Показательно, что, хотя иногда куст в поэзии Цветаевой непосредственно соотнесен с Неопалимой купиной, обыкновенно (в том числе и в «Кусте») его образ не содержит прямых отсылок к ветхозаветному прообразу. Не случайно и то, что аллюзии на крестную смерть Христа в «Кусте» даны лишь пунктиром. И. Шевеленко заметила о стихотворении Цветаевой «Тоска по родине! Давно…», написанном в один год с двойчаткой: «<…> Куст в этом стихотворении столько же природный образ, сколько божественный – Неопалимая купина, которую в красный, огненный цвет и “окрашивает” рябина. Синкретизм найденного образа кодирует важное для Цветаевой представление о “двойном” родстве поэта – с божественным и с природным началами»[879]. Подобный синкретизм характерен и для «Куста».

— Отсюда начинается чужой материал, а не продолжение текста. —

Lemma gt_iff_above_upper (a y : Rp) (al : R) :
  proj1_sig a = Fin al ->
  (Rp_lt a y <-> exists n, Rp_lt (clip (al + / (INR n + 1))) y).
Proof.
  intros Ea; pose proof (proj2_sig a) as ha; unfold Rp_lt; rewrite Ea in *.
  destruct y as [[v|] hv]; simpl in *.
  - split.
    + intros Hv; destruct (archimed_cor1 (v - al)) as [[|m] [Hm Hpos]]; [lra | inversion Hpos |].
      exists m; rewrite S_INR in Hm; pose proof (RinvN_pos m); apply Rmax_lub_lt; lra.
    + intros [n Hn]; pose proof (RinvN_pos n); pose proof (Rmax_r 0 (al + / (INR n + 1))).
      lra.
  - split; [exists O | ]; auto.
Qed.

Lemma below_upper (a : Rp) (al : R) (n : nat) :
  proj1_sig a = Fin al -> Rp_lt a (clip (al + / (INR n + 1))).
Proof.
  unfold Rp_lt; intros Ea; rewrite Ea; simpl.
  pose proof (RinvN_pos n); pose proof (Rmax_r 0 (al + / (INR n + 1))); lra.
Qed.

(** ** Neighbourhoods and continuity *)

Lemma nbhd_above (w v : Rp) : Rp_lt w v -> nbhd v (fun y => Rp_lt w y).
Proof.
  unfold nbhd, Rp_lt; destruct v as [[v|] hv], w as [[w|] hw]; simpl; intros H; try tauto.
  - exists (v - w); split; [lra |].
    intros [[y|] hy]; simpl; [| tauto].
    intros Hy; apply Rabs_def2 in Hy; lra.
  - exists w; intros [[y|] hy]; simpl; auto.
Qed.

Lemma nbhd_finite_below (a : Rp) (P : Rp -> Prop) :
  Rp_lt Rp0 a -> nbhd a P -> exists r, Rp_finite r /\ Rp_lt r a /\ P r.
Proof.
  unfold nbhd, Rp_lt; destruct a as [[al|] ha]; simpl; intros Hpos Hn.
  - destruct Hn as [eps [Heps Hq]].
    exists (clip (al - eps / 2)); split; [apply clip_finite | split].
    + simpl; apply Rmax_lub_lt; lra.
    + apply Hq; simpl; unfold Rmax; destruct (Rle_dec 0 (al - eps / 2));
        apply Rabs_def1; lra.
  - destruct Hn as [M Hq].
    exists (clip (Rabs M + 1)); split; [apply clip_finite | split; [exact I |]].
    apply Hq; simpl; pose proof (Rle_abs M); pose proof (Rmax_r 0 (Rabs M + 1)); lra.
Qed.

Lemma continuous_le_of_lower (g : Rp -> Rp) (a w : Rp) :
  continuous_at g a -> Rp_lt Rp0 a ->
  (forall r, Rp_finite r -> Rp_lt r a -> Rp_le (g r) w) -> Rp_le (g a) w.
Proof.
  intros Hg Hpos Hlow; destruct (le_total (g a) w) as [| Hlt]; auto.
  destruct (nbhd_finite_below a _ Hpos (Hg _ (nbhd_above _ _ Hlt))) as [r [Hr [Hra Hw]]].
  exfalso; exact (lt_not_le _ _ Hw (Hlow r Hr Hra)).
Qed.

(** ** σ-algebras and σ-maxitive measures *)

Lemma set_ext {E : Type} (X Y : E -> Prop) : (forall x, X x <-> Y x) -> X = Y.
Proof.
  intros H; apply functional_extensionality; intros x.
  apply propositional_extensionality; auto.
Qed.

Section SigmaAlgebra.
Variables (E : Type) (B : (E -> Prop) -> Prop).

Lemma meas_ext (X Y : E -> Prop) : B X -> (forall x, X x <-> Y x) -> B Y.
Proof. intros H e; rewrite <- (set_ext X Y e); exact H. Qed.

Hypothesis HB : sigma_algebra B.

Lemma meas_compl (X : E -> Prop) : B X -> B (fun x => ~ X x).
Proof. apply HB. Qed.

Lemma meas_countable_union (A : nat -> E -> Prop) :
  (forall n, B (A n)) -> B (fun x => exists n, A n x).
Proof. apply HB. Qed.

Lemma meas_empty : B (fun _ => False).
Proof.
  apply meas_ext with (fun x : E => ~ True); [apply meas_compl, HB | tauto].
Qed.

Lemma meas_countable_inter (A : nat -> E -> Prop) :
  (forall n, B (A n)) -> B (fun x => forall n, A n x).
Proof.
  intros HA; apply meas_ext with (fun x => ~ exists n, ~ A n x).
  - apply meas_compl, meas_countable_union; intros n; apply meas_compl, HA.
  - intros x; split; [intros H n; apply NNPP; eauto | intros H [n Hn]; auto].
Qed.

Lemma meas_inter (X Y : E -> Prop) : B X -> B Y -> B (fun x => X x /\ Y x).
Proof.
  intros HX HY.
  apply meas_ext with (fun x => forall n : nat, match n with O => X x | _ => Y x end).
  - apply meas_countable_inter; intros [|n]; auto.
  - intros x; split; [intros H; exact (conj (H O) (H 1%nat)) | intros [H1 H2] [|n]; auto].
Qed.

Section Maxitive.
Variable mu : (E -> Prop) -> Rp.
Hypothesis Hmu : sigma_maxitive B mu.

Lemma countable_bool : countable bool.
Proof. exists (fun b : bool => if b then O else 1%nat); intros [|] [|]; simpl; congruence. Qed.

Lemma countable_nat : countable nat.
Proof. exists (fun n => n); auto. Qed.

Lemma mu_union2 (X Y : E -> Prop) :
  B X -> B Y -> is_sup (fun y => y = mu X \/ y = mu Y) (mu (fun x => X x \/ Y x)).
Proof.
  intros HX HY.
  destruct (proj2 Hmu bool (fun b : bool => if b then X else Y) countable_bool) as [Hup Hleast].
  { intros [|]; auto. }
  replace (fun x => X x \/ Y x) with (fun x => exists j : bool, (if j then X else Y) x).
  - split.
    + intros y [-> | ->]; apply Hup; [exists true | exists false]; reflexivity.
    + intros z Hz; apply Hleast; intros y [[|] ->]; apply Hz; auto.
  - apply set_ext; intros x; split; [intros [[|] H]; auto | intros [H | H]].
    + exists true; exact H.
    + exists false; exact H.
Qed.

В пятом стихотворении из цикла «Стол», написанном за год до «Куста», Цветаева писала:
Мой письменный верный стол!
Спасибо за то, что ствол
Отдав мне, чтоб стать – столом,
Остался – живым стволом!
С листвы молодой игрой
Над бровью, с живой корой,
С слезами живой смолы,
С корнями до дна земли! (II; 312).
И. Шевеленко, интерпретируя эти строки как выражение осознания поэтом природы творчества, пишет: «Природность стола, или же сохранение столом своей природности, несмотря на культурность его функции, – олицетворяет “природность” искусства. Цветаева продолжает в лирике тему, подробно разрабатывавшуюся ею в статьях. В двух стихотворениях 1934 года, “Тоска по родине. Давно…” и “Куст”, эта тема находит свое наиболее полное – и трагическое – воплощение»[880].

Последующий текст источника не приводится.